This was really interesting, but I'm going to hazard a guess that you're not a musician. One commenter wrote that "getting girls/guys" is a motivator. This is, of course, true, as it is in most fields. One thing no one has mentioned is the love of making music, and the maturity of knowing that stardom is a byproduct; also, I didn't see mention that the love of doing it is sustaining, regardless of outcome. Having a body of work staves off a lot of "what if."

Finally, I think someone mentioned Bach, Brahms, and composers whose work has long outlived them. Some people "get famous" long after they're dead.

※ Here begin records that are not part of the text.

Lemma eval3_mulr2n_eq0 : (forall x y, eval3 x x y = 0) -> forall x y z, eval3 x y z *+ 2 = 0.
Proof.
move=> eval3_xxy x y z.
have := eval3_xxy (x + y) z.
by rewrite eval3D1 !eval3D2 !eval3_xxy add0r addr0 [eval3 y x z]eval3C12.
Qed.

End TrilinearForm.

Section DividedPowerSubspace.
Variables (k : fieldType) (U : vectType k) (W : {vspace Udual U}).

Lemma inDW_eq n (f g : dform U n) : (forall u, f u = g u) -> inDW W g -> inDW W f.
Proof.
by move=> eq_fg [m [c [gs [gs_gen g_sum]]]]; exists m, c, gs; split=> // u; rewrite eq_fg.
Qed.

Lemma inDW_gen n (g : dform U n) : dpgen W g -> inDW W g.
Proof. by exists 1%N, (fun=> 1), (fun=> g); split=> // u; rewrite big_ord1 mul1r. Qed.

Lemma inDW0 n : inDW W (fun _ : {ffun 'I_n -> U} => 0).
Proof. by exists 0%N, (fun=> 0), (fun=> fun=> 0); split=> [[]|u] //; rewrite big_ord0. Qed.

Lemma inDWZ n a (f : dform U n) : inDW W f -> inDW W (fun u => a * f u).
Proof.
move=> [m [c [gs [gs_gen f_sum]]]]; exists m, (fun i => a * c i), gs; split=> // u.
by rewrite f_sum mulr_sumr; apply: eq_bigr => i _; rewrite mulrA.
Qed.

Lemma inDWD n (f g : dform U n) : inDW W f -> inDW W g -> inDW W (fun u => f u + g u).
Proof.
move=> [m1 [c1 [g1 [g1_gen f_sum]]]] [m2 [c2 [g2 [g2_gen g_sum]]]].
exists (m1 + m2)%N, (fun i => match split i with inl i1 => c1 i1 | inr i2 => c2 i2 end),
  (fun i => match split i with inl i1 => g1 i1 | inr i2 => g2 i2 end); split.
  by move=> i; case: (split i).
move=> u; rewrite f_sum g_sum big_split_ord.
by congr (_ + _); apply: eq_bigr => i _; rewrite ?(unsplitK (inl _ i)) ?(unsplitK (inr _ i)).
Qed.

Lou Reed and Rogers & Hammerstein and Elvis and so many have scored massive hits from beyond the grave.

I will certainly be sending this piece to my students, but what is most interesting about it is the utility of "stardom" as a data point. It's elusive in life, and in death, and in its own definition. I would fall on the floor if I met Tom Waits; my students wouldn't know who that is. I've never known how to reconcile that set of responses, except to try to help my students defend themselves from a concept that is both arbitrary and, as you mentioned with the 27 Club, potentially deadly.

Finally, and I'm sorry for going on, but walk through the Rock and Roll Hall of Fame some time. It is a museum of inadvertently cautionary tales, from John Lennon's bloody glasses to bits of the fuselage on Otis Redding's plane. And all of it gathering dust, as if the story is still being written. Spooky place.